On “First Fig”
JoEllen Green Kaiser
Much of Millay’s work of the early
1920s seems on its surface more like the modernist “Spring” than the sentimental “Song of a Second April,” both
from Second April. Most strikingly, Millay attacked the
sentimental construction of absent love in A Few Figs From
Thistles and to a lesser extent in Second April. Her
most famous poem, after all, does not mourn absent love but rejoices
in love's impermanence:
My candle burns at both ends;
It will not last the night;
But ah, my foes, and oh, my friends --
It gives a lovely light!
While this “First Fig” marked
Millay’s break from traditional sentimentality, however, it did
not necessarily signal her embrace of modernism.
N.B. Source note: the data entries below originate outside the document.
(* For every instance $(A,C,k)$ there exist committees $W$ and $W'$, each with representation ratio at least $\frac34$, such that $W$ satisfies EJR+ and $W'$ satisfies FJR.
   Context: An instance $(A,C,k)$ consists of a finite nonempty candidate set $C$, voters $N=\{1,\dots,n\}$, approval sets $A_i\subseteq C$, and a committee size $1\le k\le|C|$. A committee is $W\subseteq C$ with $|W|\le k$. $\mathrm{cov}(W)=|\{i: A_i\cap W\ne\emptyset\}|$; the representation ratio is $\mathrm{cov}(W)/\max\{\mathrm{cov}(W'):|W'|=k\}$. $W$ satisfies EJR+ if for every $\ell\in\{1,\dots,k\}$ and every $N'\subseteq N$ with $|N'|\ge\ell n/k$ and $\bigcap_{i\in N'}A_i\ne\emptyset$, either some $i\in N'$ has $|A_i\cap W|\ge\ell$ or $\bigcap_{i\in N'}A_i\subseteq W$. (Fully justified representation) For a positive integer $\beta$ and $T\subseteq C$, a group $S\subseteq N$ is weakly $(\beta,T)$-cohesive if $|S|\ge |T|\frac{n}{k}$ and $|A_i\cap T|\ge\beta$ for all $i\in S$; $W$ satisfies FJR if for every such $\beta,T$ and every weakly $(\beta,T)$-cohesive group $S$ there is $i\in S$ with $|A_i\cap W|\ge\beta$. *)

From mathcomp Require Import all_boot.
Set Implicit Arguments. Unset Strict Implicit. Unset Printing Implicit Defensive.

Section Voting.
Variables (C : finType) (n : nat) (A : 'I_n -> {set C}) (k : nat).

Definition cov (W : {set C}) : nat := #|[set i : 'I_n | A i :&: W != set0]|.

Definition maxcov : nat := \max_(W : {set C} | #|W| == k) cov W.

(* representation ratio cov(W)/maxcov >= 3/4, written without division *)
Definition ratio_ge_3_4 (W : {set C}) : Prop := 3 * maxcov <= 4 * cov W.

Definition common (N' : {set 'I_n}) : {set C} :=
  [set c | [forall i in N', c \in A i]].

(* EJR+ ; |N'| >= l n / k  is written  |N'| * k >= l * n *)
Definition EJRplus (W : {set C}) : Prop :=
  forall (l : nat) (N' : {set 'I_n}),
    1 <= l <= k -> l * n <= #|N'| * k -> common N' != set0 ->
    (exists2 i, i \in N' & l <= #|A i :&: W|) \/ common N' \subset W.

Definition weakly_cohesive (beta : nat) (T : {set C}) (S : {set 'I_n}) : Prop :=
  S != set0 /\ #|T| * n <= #|S| * k /\ (forall i, i \in S -> beta <= #|A i :&: T|).

Definition FJR (W : {set C}) : Prop :=
  forall (beta : nat) (T : {set C}) (S : {set 'I_n}),
    0 < beta -> weakly_cohesive beta T S ->
    exists2 i, i \in S & beta <= #|A i :&: W|.

End Voting.

From mathcomp Require Import all_boot zify.
From Stdlib Require Import Classical.
Set Implicit Arguments. Unset Strict Implicit. Unset Printing Implicit Defensive.

(* Both committees are built greedily, scanning the levels l = k, ..., 1 and
   repairing every violation at the current level: for EJR+ by electing a
   candidate commonly approved by an unsatisfied group of size >= l n / k, for
   FJR by electing the whole set T of an unsatisfied weakly (l, T)-cohesive
   group. Charging each elected candidate to the group that justified it (with
   weight 1/l for EJR+, and using |T| <= |S| k / n for FJR) shows that the
   greedy committee W0 covers at least |W0| n / k voters. Such a W0 extends to
   size k with ratio >= 3/4: for s = |W0|, r = k - s and an optimal committee O,
   charging each voter newly covered by O to one approved member of O, the r
   heaviest members of O raise the coverage to at least
   (s^2 + r k) / k^2 cov(O) >= 3/4 cov(O). Both axioms survive adding
   candidates. *)

Lemma card_setIS (T : finType) (X Y Z : {set T}) :
  Y \subset Z -> #|X :&: Y| <= #|X :&: Z|.
Proof. by move=> sYZ; apply/subset_leq_card/setIS. Qed.

Lemma heavy_subset (T : finType) (w : T -> nat) (X : {set T}) (j : nat) :
  j <= #|X| -> exists2 S : {set T}, S \subset X /\ #|S| = j &
    j * \sum_(x in X) w x <= #|X| * \sum_(x in S) w x.
Proof.
move=> /subnKC; move: (#|X| - j) => d; rewrite addnC.
elim: d j => [|d IH] j cardX; first by exists X; rewrite -cardX.
rewrite addSnnS in cardX; have [S [sSX cardS] heavyS] := IH j.+1 cardX.
have [x xS minx] : exists2 x, x \in S & {in S, forall y, w x <= w y}.
  have /card_gt0P[x0 x0S] : 0 < #|S| by rewrite cardS.
  by case: (@arg_minnP _ x0 (fun y => y \in S) w x0S) => x; exists x.
exists (S :\ x).
  by rewrite (subset_trans (subD1set S x) sSX) (cardsD1 x S) xS in cardS *; split => //; lia.
have lowS : #|S| * w x <= \sum_(y in S) w y by rewrite -sum_nat_const; apply: leq_sum.
rewrite (big_setD1 x xS) cardS /= in heavyS lowS.
nia.
Qed.

Lemma sum_card_fibres (I J : finType) (f : I -> J) (G : {set I}) (X : {set J}) :
  \sum_(j in X) #|[set i in G | f i == j]| = #|[set i in G | f i \in X]|.
Proof.
rewrite -sum1_card (partition_big f (mem X)) => [|i]; last by rewrite inE => /andP[].
apply: eq_bigr => j Xj; rewrite -sum1_card; apply: eq_bigl => i.
by rewrite !inE; case: eqP => [->|]; rewrite ?Xj ?andbT ?andbF.
Qed.

Lemma three_quarters (k s o x z : nat) :
  0 < k -> s <= k -> s * o <= k * x -> k * x + (k - s) * o <= k * z + (k - s) * x ->
  3 * o <= 4 * z.
Proof.
move=> k_gt0 /subnKC; move: (k - s) => r def_k; subst k => hx hz.
have hz' : s * x + r * o <= (s + r) * z by lia.
have key : (s * s + (s + r) * r) * o <= (s + r) * ((s + r) * z).
  by have := leq_mul (leqnn s) hx; have := leq_mul (leqnn (s + r)) hz'; nia.
have amgm : 3 * ((s + r) * (s + r)) <= 4 * (s * s + (s + r) * r).
  by have := (nat_Cauchy s r).1; nia.
have k2_gt0 : 0 < (s + r) * (s + r) by rewrite muln_gt0 k_gt0.
by rewrite -(leq_pmul2l k2_gt0); nia.
Qed.

Section Saturation.
Variable T : finType.

Lemma saturate (Inv bad : {set T} -> Prop) :
    (forall W, Inv W -> bad W -> exists2 W', Inv W' & W \proper W') ->
  forall W, Inv W -> exists2 W', Inv W' /\ W \subset W' & ~ bad W'.
Proof.
move=> grow W; have [m] := ubnP (#|T| - #|W|); elim: m W => // m IH W ltm invW.
have [badW|] := classic (bad W); last by exists W.
have [W1 invW1 /[dup] /proper_card ltW1 /proper_sub sW1] := grow W invW badW.
have [|W2 [invW2 sW12] goodW2] := IH W1 _ invW1.
  by have := max_card W1; lia.
by exists W2 => //; split => //; apply: subset_trans sW12.
Qed.

Lemma saturate_levels (k : nat) (Inv bad : nat -> {set T} -> Prop) (W0 : {set T}) :
    (forall l (W W' : {set T}), W \subset W' -> bad l W' -> bad l W) ->
    (forall l W, Inv l.+1 W -> Inv l W) ->
    (forall l W, 0 < l <= k -> Inv l W -> bad l W -> exists2 W', Inv l W' & W \proper W') ->
    Inv k.+1 W0 ->
  exists2 W, Inv 1 W & forall l, 0 < l <= k -> ~ bad l W.
Proof.
move=> bad_anti inv_down grow invW0.
suff: forall j, j <= k ->
    exists2 W, Inv (k - j).+1 W & forall l, k - j < l <= k -> ~ bad l W.
  by move/(_ k (leqnn k)); rewrite subnn.
elim=> [_|j IH ltjk]; first by exists W0; rewrite ?subn0 // => l; lia.
have [W invW goodW] := IH (ltnW ltjk).
have lvl : 0 < k - j <= k by lia.
have [W' [invW' sWW'] goodW'] := saturate (fun W => grow _ W lvl) (inv_down _ _ invW).
exists W'; first by rewrite subnSK.
move=> l /andP[ltl lek]; have [->|ltl'] := eqVneq l (k - j); first exact: goodW'.
by move/(bad_anti _ _ _ sWW'); apply: goodW; lia.
Qed.

End Saturation.

Section Committees.
Variables (C : finType) (n : nat) (A : 'I_n -> {set C}) (k : nat).

Lemma card_voters (S : {set 'I_n}) : #|S| <= n.
Proof. by apply: leq_trans (max_card _) _; rewrite card_ord. Qed.

Definition covered (W : {set C}) : {set 'I_n} := [set i | A i :&: W != set0].

Lemma cov_le (W : {set C}) : cov A W <= n.
Proof. exact: card_voters. Qed.

Lemma covered_mono (W W' : {set C}) : W \subset W' -> covered W \subset covered W'.
Proof.
move=> sWW'; apply/subsetP => i; rewrite !inE -!card_gt0 => /leq_trans; apply.
exact: card_setIS.
Qed.

Lemma cov_gain (W0 O : {set C}) (r : nat) : r <= #|O| ->
  exists2 S : {set C}, #|S| = r &
    #|O| * cov A W0 + r * cov A O <= #|O| * cov A (W0 :|: S) + r * cov A W0.
Proof.
move=> leRO; have [->|r_gt0] := posnP r; first by exists set0; rewrite ?cards0 ?setU0.
have /card_gt0P[c0 _] : 0 < #|O| by apply: leq_trans leRO.
pose G := covered O :\: covered W0.
pose rep i := odflt c0 [pick c in A i :&: O].
have repP i : A i :&: O != set0 -> rep i \in A i :&: O.
  case/set0Pn=> c cAO; rewrite /rep.
  by case: pickP => [//|/(_ c)]; rewrite cAO.
pose w c := #|[set i in G | rep i == c]|.
have sumO : \sum_(c in O) w c = #|G|.
  rewrite sum_card_fibres; apply: eq_card => i; rewrite !inE andb_idr //.
  by case/andP => _ /repP /setIP[].
have [S [_ cardS] heavyS] := heavy_subset w leRO.
exists S => //; rewrite sumO sum_card_fibres in heavyS.
have covO : cov A O <= cov A W0 + #|G|.
  rewrite /cov -(cardsID (covered W0) (covered O)) leq_add2r.
  by apply: subset_leq_card; apply: subsetIr.
have covS : cov A W0 + #|[set i in G | rep i \in S]| <= cov A (W0 :|: S).
  rewrite -(cardsUI (covered W0)) setIC.
  rewrite (_ : _ :&: _ = set0) ?cards0 ?addn0; last first.
    by apply/setP => i; rewrite !inE; case: (_ != set0); rewrite ?andbF.
  apply: subset_leq_card; rewrite subUset covered_mono ?subsetUl //=.
  apply/subsetP => i; rewrite !inE => /andP[/andP[_ /repP /setIP[repA _]] repS].
  by apply/set0Pn; exists (rep i); rewrite !inE repA repS orbT.
nia.
Qed.

Lemma maxcov_attained : k <= #|C| ->
  exists2 O : {set C}, #|O| = k & maxcov A k = cov A O.
Proof.
rewrite -cardsT => leKC.
have [O0 [_ cardO0] _] := heavy_subset (fun=> 0) leKC.
have [|O] := @eq_bigmax_cond _ (fun W : {set C} => #|W| == k) (cov A).
  by apply/card_gt0P; exists O0; rewrite unfold_in /= cardO0.
by rewrite unfold_in /= => /eqP cardO maxO; exists O.
Qed.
In contradistinction
to the modernist creed of impersonality enunciated by Eliot,
Millay’s poetry remains personal. Her attitude toward love may
not be that shared by her nineteenth-century predecessors, but
she does share with them a belief in the centrality of love for
poetry.
JoEllen Green Kaiser, “Displaced Modernism: Millay and
the Triumph of Sentimentality” in Millay at 100: A Critical
Reappraisal. Diane P. Freedman, ed. Carbondale: Southern
Illinois University Press, 1995; 33.